Two years on, Nigerians appraise gains, pains of Buhari’s government
By Tope Adeboboye
It was an administration that rode into office with much aplomb.
Immediately after Muhammadu Buhari was installed Nigeria’s president on Thursday, May 29, 2015, at Eagle Square, Abuja, a dole of doves was released into the air, signifying the dawn of a new day. And as the doves soared into the cloudless sky of the nation’s capital, so soared the expectations of millions of Nigerians, men and women that had eagerly awaited a diametric change in their lives and their country, as vigorously pledged during the campaign of the All Progressives Congress (APC).
Two years down the road, how has the nation fared? Not a few would answer in the negative, even as others would nod in the affirmative. And neither group would be lacking in justifications for its position.
In the past few months, the nation’s economy has been in the doldrums. The naira, Nigeria’s currency, has suffered unprecedented whipping in the hands of the world’s major currencies.
Yet it hasn’t been a bed filled with only thorns and thistles. As some Nigerians criticise the Buhari government for dilly-dallying on some issues affecting the country, others are eulogising the administration for its pragmatic tackling of some critical national issues.
Right now, the state of the Nigerian economy seems the major issue troubling the minds of many.
“As the recession bites, inflation rises. Prices of essential items have continued to increase, even as many companies have not relented in laying-off their staff. But then, all hope isn’t lost. Some interventions by the government seem to be steadily navigating the nation from the recession path,” an economist, Dr. Martin Alaba, said.
Minister of Finance, Mrs. Kemi Adeosun, recently asserted that the number of sub-sectors of the economy experiencing negative growth has almost halved, falling from 29 sub-sectors in 2016 to 16 in the first quarter of 2017. It was also stated that growth in manufacturing has become positive after five straight quarters of negative growth. It grew by 1.36 per cent in the first quarter of 2017 after falling to -7.0 per cent in the first quarter of 2016.
Daily Sun’s findings showed that the agriculture and the solid minerals sectors have not fared too badly, in spite of the recession. For instance, agriculture recorded a 4.11 per cent increase in 2016, while solid minerals grew by 7 per cent. The contribution of the Ministry of Solid Minerals’ to the Federation Account tripled to about N2 billion in 2016, up from N700 million in 2015, it was learnt.

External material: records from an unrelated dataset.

(* Let $Q>0$ and let $\gamma_+$ be the larger root of $\gamma-\log\gamma=Q+1$. For $x>0$ let $w_{ex}(t)=\frac{x}{\gamma_+}t^{\frac{1-\gamma_+}{\gamma_+}}$ on $I=[0,1]$. Then $[w_{ex}]_{RH_1,[0,1]}\le Q$; for every $0<\varepsilon<\frac{1}{\gamma_+-1}$, $$\langle w_{ex}^{1+\varepsilon}\rangle_I=B\big(\langle w_{ex}\rangle_I,\langle w_{ex}\log w_{ex}\rangle_I\big),$$ where $B(x,y)=\frac{v^{\varepsilon}}{1+\varepsilon-\gamma_+\varepsilon}\big(x(1+\varepsilon)-\varepsilon\gamma_+v\big)$ with $v=v(x,y)$ determined by $y=(\log v+\gamma_+)x-v\gamma_+$, $v\le x\le\gamma_+ v$; and finally $\langle w_{ex}^{1+\frac{1}{\gamma_+-1}}\rangle_I=\infty$.
   Context: $\langle f\rangle_J=\frac1{|J|}\int_J f$. For a weight $w$ on $[0,1]$, $[w]_{RH_1,[0,1]}=\sup_{J\subset[0,1]}\Big\langle \frac{w}{\langle w\rangle_J}\log\frac{w}{\langle w\rangle_J}\Big\rangle_J$, supremum over subintervals $J$. *)

From HB Require Import structures.
From mathcomp Require Import all_boot all_order all_algebra.
From mathcomp Require Import all_classical all_reals all_analysis.
Set Implicit Arguments. Unset Strict Implicit. Unset Printing Implicit Defensive.
Import Order.TTheory GRing.Theory Num.Theory.
Import numFieldNormedType.Exports.
Local Open Scope classical_set_scope.
Local Open Scope ring_scope.

Definition avg {R : realType} (a b : R) (f : R -> R) : \bar R :=
  (((b - a)^-1)%:E * \int[lebesgue_measure]_(t in `[a, b]) (f t)%:E)%E.

(* [w]_{RH_1,[0,1]} = sup over subintervals J=[a,b] of [0,1] (a<b) of
   < (w/<w>_J) log (w/<w>_J) >_J  (for a locally integrable weight, <w>_J is finite) *)
Definition RH1_const01 {R : realType} (w : R -> R) : \bar R :=
  ereal_sup [set y : \bar R | exists a b : R, [/\ 0 <= a, a < b, b <= 1 &
     y = avg a b (fun t => (w t / fine (avg a b w)) * ln (w t / fine (avg a b w)))]].

Definition w_ex {R : realType} (x gamma : R) (t : R) : R :=
  x / gamma * t `^ ((1 - gamma) / gamma).

Definition Bfun {R : realType} (gamma eps x v : R) : R :=
  v `^ eps / (1 + eps - gamma * eps) * (x * (1 + eps) - eps * gamma * v).

Definition vcond {R : realType} (gamma x y v : R) : Prop :=
  0 < v /\ y = (ln v + gamma) * x - v * gamma /\ v <= x /\ x <= gamma * v.

(* With s := 1/gamma in (0, 1) (gamma > 1 as the larger root) and p := s - 1,
   w_ex t = (x/gamma) t^p, so every average in the statement is an integral of
   t^q or t^q ln t, computed by the fundamental theorem of calculus (improper
   at 0).  On J = [a, b] the RH_1 functional equals
     ln s + gamma - 1 + ln((b - a)/(b^s - a^s))
          + (s - 1) (b^s ln b - a^s ln a)/(b^s - a^s),
   and the last two terms are <= 0 by ln z <= z - 1 and e^u >= 1 + u, leaving
   gamma - 1 - ln gamma = Q.  The averages <w> = x and <w log w> force
   v = x/gamma, because ln y = y - 1 only at y = 1; at the critical exponent
   1 + 1/(gamma - 1) the power of t becomes -1, whose integral diverges. *)

From HB Require Import structures.
From mathcomp Require Import all_boot all_order all_algebra.
From mathcomp Require Import all_classical all_reals all_analysis.
From mathcomp Require Import measurable_realfun.
From mathcomp Require Import ring lra.
Import Order.TTheory GRing.Theory Num.Theory.
Import numFieldNormedType.Exports.
Local Open Scope classical_set_scope.
Local Open Scope ring_scope.

Section improper_FTC.
Context {R : realType}.
Notation mu := (@lebesgue_measure R).
Implicit Types (f F : R -> R) (a b : R).

Lemma is_derive_continuous f (t df : R) : is_derive t 1 f df -> {for t, continuous f}.
Proof. by move=> [h _]; apply/differentiable_continuous/derivable1_diffP. Qed.

Lemma continuous_FTC2_gt0 f F a b : 0 < a -> a < b ->
  (forall t : R, 0 < t -> {for t, continuous f}) ->
  (forall t : R, 0 < t -> is_derive t 1 F (f t)) ->
  (\int[mu]_(t in `[a, b]) (f t)%:E = (F b - F a)%:E)%E.
Proof.
move=> a0 ab cf dF.
have Fc t : 0 < t -> {for t, continuous F}.
  by move=> t0; exact: is_derive_continuous (dF t t0).
rewrite EFinB; apply: continuous_FTC2 => //.
- apply: continuous_in_subspaceT => t; rewrite inE /= in_itv /= => /andP[hat _].
  by apply: cf; exact: lt_le_trans a0 hat.
- split.
  + move=> t; rewrite in_itv /= => /andP[hat _].
    by have [] := dF t (lt_trans a0 hat).
  + by apply: cvg_at_right_filter; apply: Fc.
  + by apply: cvg_at_left_filter; apply: Fc; exact: lt_trans a0 ab.
- move=> t; rewrite in_itv /= => /andP[hat _].
  by rewrite derive1E; have [_ ->] := dF t (lt_trans a0 hat).
Qed.

Lemma bigcup_itv_harmonic b : 0 < b ->
  \bigcup_n [set` `[b / 2 * harmonic n, b]] = `]0, b]%classic.
Proof.
move=> b0; apply/seteqP; split => y /=.
  move=> [n _]; rewrite /= !in_itv /= => /andP[ny ->]; rewrite andbT.
  by apply: lt_le_trans ny; rewrite mulr_gt0 ?divr_gt0 ?harmonic_gt0.
rewrite in_itv /= => /andP[y0 yb].
exists (Num.truncn (b / 2 / y)) => //; rewrite /= in_itv /= yb andbT.
have := truncnS_gt (b / 2 / y); rewrite ltr_pdivrMr // => hN.
by rewrite /harmonic /= ler_pdivrMr ?ltr0n // [y * _]mulrC ltW.
Qed.

(* Monotone convergence along the exhaustion of ]0, b] by [b/(2(n+1)), b];
   this is where the constant sign of f is needed. *)
Lemma continuous_FTC2_at0 f F b : 0 < b ->
  (forall t : R, 0 < t -> {for t, continuous f}) ->
  (forall t : R, 0 < t -> is_derive t 1 F (f t)) ->
  F x @[x --> 0^'+] --> F 0 ->
  ((forall t : R, 0 < t <= b -> 0 <= f t) \/ (forall t : R, 0 < t <= b -> f t <= 0)) ->
  (\int[mu]_(t in `[0%R, b]) (f t)%:E = (F b - F 0)%:E)%E.
Proof.
move=> b0 cf dF F0 sgn.
pose e n := b / 2 * harmonic n.
have e0 n : 0 < e n by rewrite /e mulr_gt0 ?divr_gt0 ?harmonic_gt0.
have eb n : e n < b.
  have : harmonic n <= 1 :> R by rewrite /= invf_le1 ?ler1n ?ltr0n.
  rewrite /e => h1; nra.
pose S n : set R := [set` `[e n, b]].
have S_nd : nondecreasing_seq S.
  move=> m n mn; rewrite /S subsetEset; apply: subset_itvr; rewrite bnd_simp.
  by rewrite /e ler_pM2l ?divr_gt0 // lef_pV2 ?posrE ?ltr0n // ler_nat.
have mS n : measurable (S n) by exact: measurable_itv.
have S_pos n : S n `<=` `]0, +oo[%classic.
  move=> y; rewrite /S /= !in_itv /= andbT => /andP[ey _].
  exact: lt_le_trans (e0 n) ey.
have mf (D : set R) : D `<=` `]0, +oo[%classic -> measurable_fun D (EFin \o f).
  move=> DS; apply/measurable_EFinP; apply: measurable_funS DS _ => //.
  apply: open_continuous_measurable_fun; first exact: interval_open.
  by move=> t; rewrite inE /= in_itv /= andbT; exact: cf.
have S_cvg : (\int[mu]_(x in S n) (f x)%:E)%E @[n --> \oo] -->
    (\int[mu]_(x in `]0%R, b]) (f x)%:E)%E.
  rewrite -bigcup_itv_harmonic //; case: sgn => h.
  - apply: ge0_nondecreasing_set_cvg_integral => // [n|n y]; first exact: mf.
    rewrite /S /= in_itv /= => /andP[ey yb]; rewrite lee_fin h //.
    by rewrite yb (lt_le_trans (e0 n) ey).
  - apply: le0_nondecreasing_set_cvg_integral => // [n|n y]; first exact: mf.
    rewrite /S /= in_itv /= => /andP[ey yb]; rewrite lee_fin h //.
    by rewrite yb (lt_le_trans (e0 n) ey).
have F_cvg : (F b - F (e n))%:E @[n --> \oo] --> (F b - F 0)%:E.
  apply/fine_cvgP; split; first by near=> n.
  apply: cvgB; first exact: cvg_cst.
  move/cvg_at_rightP: F0 => /(_ e); apply; split => //.
  by rewrite -(mulr0 (b / 2)); exact: cvgMl_tmp cvg_harmonic.
rewrite -integral_itv_obnd_cbnd; last by apply: mf => y /=; rewrite !in_itv /= andbT => /andP[].
rewrite (_ : (fun n => _) = (fun n => (F b - F (e n))%:E)) in S_cvg.
  exact: cvg_unique _ S_cvg F_cvg.
by apply: funext => n; exact: continuous_FTC2_gt0.
Unshelve. all: by end_near.
Qed.

End improper_FTC.

Section power_integrals.
Context {R : realType}.
Notation mu := (@lebesgue_measure R).
Implicit Types (a b q r t : R).

Lemma measurable_fun_powR_ln (D : set R) r :
  measurable_fun D (fun t : R => t `^ r * ln t).
Proof.
apply: measurable_funM; first exact: measurable_funTS (measurable_powR _).
exact: measurable_funTS (@measurable_ln R).
Qed.

Lemma is_derive_powR_primitive r t : 0 < t -> r != 0 ->
  is_derive t 1 (fun u => r^-1 * u `^ r) (t `^ (r - 1)).
Proof.
move=> t0 r0.
apply: is_derive_eq; first exact: (is_deriveZ (r^-1) (is_derive1_powR r t0)).
by rewrite /GRing.scale /= mulrA mulVf // mul1r.
Qed.

Lemma integral_powR q a b : -1 < q -> 0 <= a -> a < b ->
  (\int[mu]_(t in `[a, b]) (t `^ q)%:E = ((b `^ (q + 1) - a `^ (q + 1)) / (q + 1))%:E)%E.
Proof.
move=> q1 a0 ab.
have r0 : q + 1 != 0 by rewrite lt0r_neq0 //; lra.
have dF t : 0 < t -> is_derive t 1 (fun u => (q + 1)^-1 * u `^ (q + 1)) (t `^ q).
  by move=> t0; have := is_derive_powR_primitive _ _ t0 r0; rewrite addrK.
have cf t : 0 < t -> {for t, continuous (fun u : R => u `^ q)}.
  by move=> t0; exact: is_derive_continuous (is_derive1_powR q t0).
rewrite [_ / _]mulrC mulrBr.
move: a0 ab; rewrite le_eqVlt => /predU1P[<- ab|a0 ab]; last exact: continuous_FTC2_gt0.
apply: continuous_FTC2_at0 => //.
- rewrite powR0 // mulr0 -[X in _ --> X](mulr0 (q + 1)^-1).
  by apply: cvgMl_tmp; apply: powR_cvg0; lra.
- by left => t _; exact: powR_ge0.
Qed.

(* [ln x <= - (2/r) x^(-r/2)] comes from [ln y <= y] at [y = x^(-r/2)]. *)
Lemma powR_ln_cvg0 r : 0 < r -> x `^ r * ln x @[x --> 0^'+] --> 0.
Proof.
move=> r0.
apply: (@squeeze_cvgr _ _ _ _ (fun x => - (2 / r) * x `^ (r / 2)) (fun=> 0)); last 2 first.
- rewrite -[X in _ --> X](mulr0 (- (2 / r))).
  by apply: cvgMl_tmp; apply: powR_cvg0; rewrite divr_gt0.
- exact: cvg_cst.
near=> x.
have x0 : 0 < x by near: x; exact: nbhs_right_gt.
have x1 : x < 1 by near: x; exact: nbhs_right_lt.
have xr0 : 0 <= x `^ r by exact: powR_ge0.
apply/andP; split; last by rewrite mulr_ge0_le0 // ln_le0 // ltW.
set y := x `^ (- (r / 2)).
have lny_le : ln y <= y by exact/ltW/ln_sublinear/powR_gt0.
have xry : x `^ r * y = x `^ (r / 2).
  by rewrite /y -powRD ?(gt_eqF x0) ?implybT //; congr (_ `^ _); field.
have lnx : ln x = - (2 / r) * ln y by rewrite ln_powR; field; exact: lt0r_neq0.
have : 0 <= 2 / r * x `^ r by rewrite mulr_ge0 // divr_ge0 // ltW.
rewrite -xry lnx; nra.
Unshelve. all: by end_near.
Qed.

Definition powR_ln_primitive r u := r^-1 * (u `^ r * ln u) - r^-1 * (r^-1 * u `^ r).

Lemma is_derive_powR_ln_primitive q t : 0 < t -> q + 1 != 0 ->
  is_derive t 1 (powR_ln_primitive (q + 1)) (t `^ q * ln t).
Proof.
move=> t0 r0.
rewrite (_ : powR_ln_primitive (q + 1) =
   ((q + 1)^-1 \*: ((fun u : R => u `^ (q + 1)) * (@ln R))) -
   ((q + 1)^-1 \*: (fun u : R => (q + 1)^-1 * u `^ (q + 1)))); last first.
  by apply: funext => u; rewrite /powR_ln_primitive !fctE.
apply: is_derive_eq.
  exact: (is_deriveB (is_deriveZ _ (is_deriveM (is_derive1_powR _ t0) (is_derive1_ln t0)))
                     (is_deriveZ _ (is_derive_powR_primitive _ _ t0 r0))).
rewrite /GRing.scale /= addrK.
have -> : t `^ (q + 1) = t `^ q * t by rewrite powRD ?powRr1 ?ltW ?(gt_eqF t0) ?implybT.
by field; rewrite (gt_eqF t0) r0.
Qed.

But some Nigerians insist that the government hasn’t adequately employed solid minerals to address the country’s economic challenges, as promised by the federal government.
Hassan Adamu is one such Nigerian. “By this time, you would have expected that solid minerals would have become one of our major revenue sources. But what do we still have? Illegal miners, especially foreigners, setting the pace in the solid minerals sector,” he said.
Minister of Mines and Steel Development, Dr. Kayode Fayemi, recently declared that the federal government was partnering the states to tackle illegal mining in the country. But national president of Miners Association of Nigeria, Alhaji Sani Shehu, said the government must employ the security agencies, especially the Nigeria Security and Civil Defence Corps (NSCDC) to protect mining sites against illegal miners.
One of the reasons adduced for the hardship in the country was the sudden drop in the price of crude oil in the international market. The reporter learnt that in spite of the low revenue accruing to the country at the moment, the country has continued to fill up its reserves.
Special Adviser to President Buhari on Media and Publicity, Femi Adesina, said: “Even at a time of low oil prices, and by implication low government revenues, Nigeria’s External Reserves have grown by $7 billion since October 2016. The Sovereign Wealth Fund has seen inflows of $500 million in 2016 and 2017 (the first inflows since the original $1 billion with which the fund kicked off in 2012), and the Excess Crude Account has seen an inflow of $87 million in 2017.”
Similarly, the Anchor Borrowers’ Programme (ABP), an initiative of the Central Bank of Nigeria (CBN), has ensured, among others, improvement in the local production of grains. The productive agricultural collaboration between Lagos and Kebbi states (which produced the Lake Rice), it was gathered, was a product of the ABP. As a result of these initiatives, Nigeria’s rice imports fell from 580,000 metric tonnes in 2015 to 58,000MT in 2016.
Besides that, Daily Sun further learnt, the presidential fertilizer programme has also been of much benefit to farmers, even though there are insinuations in some quarters that the benefits of the initiative are not evenly spread across the country.
“Rich farmers still seem to benefit more from these fertiliser subsidies,” lamented Prince Afam. “Rural farmers are afflicted by poverty. There is no change in their lives. Government must devise a process whereby the rural farmers will benefit from these initiatives.”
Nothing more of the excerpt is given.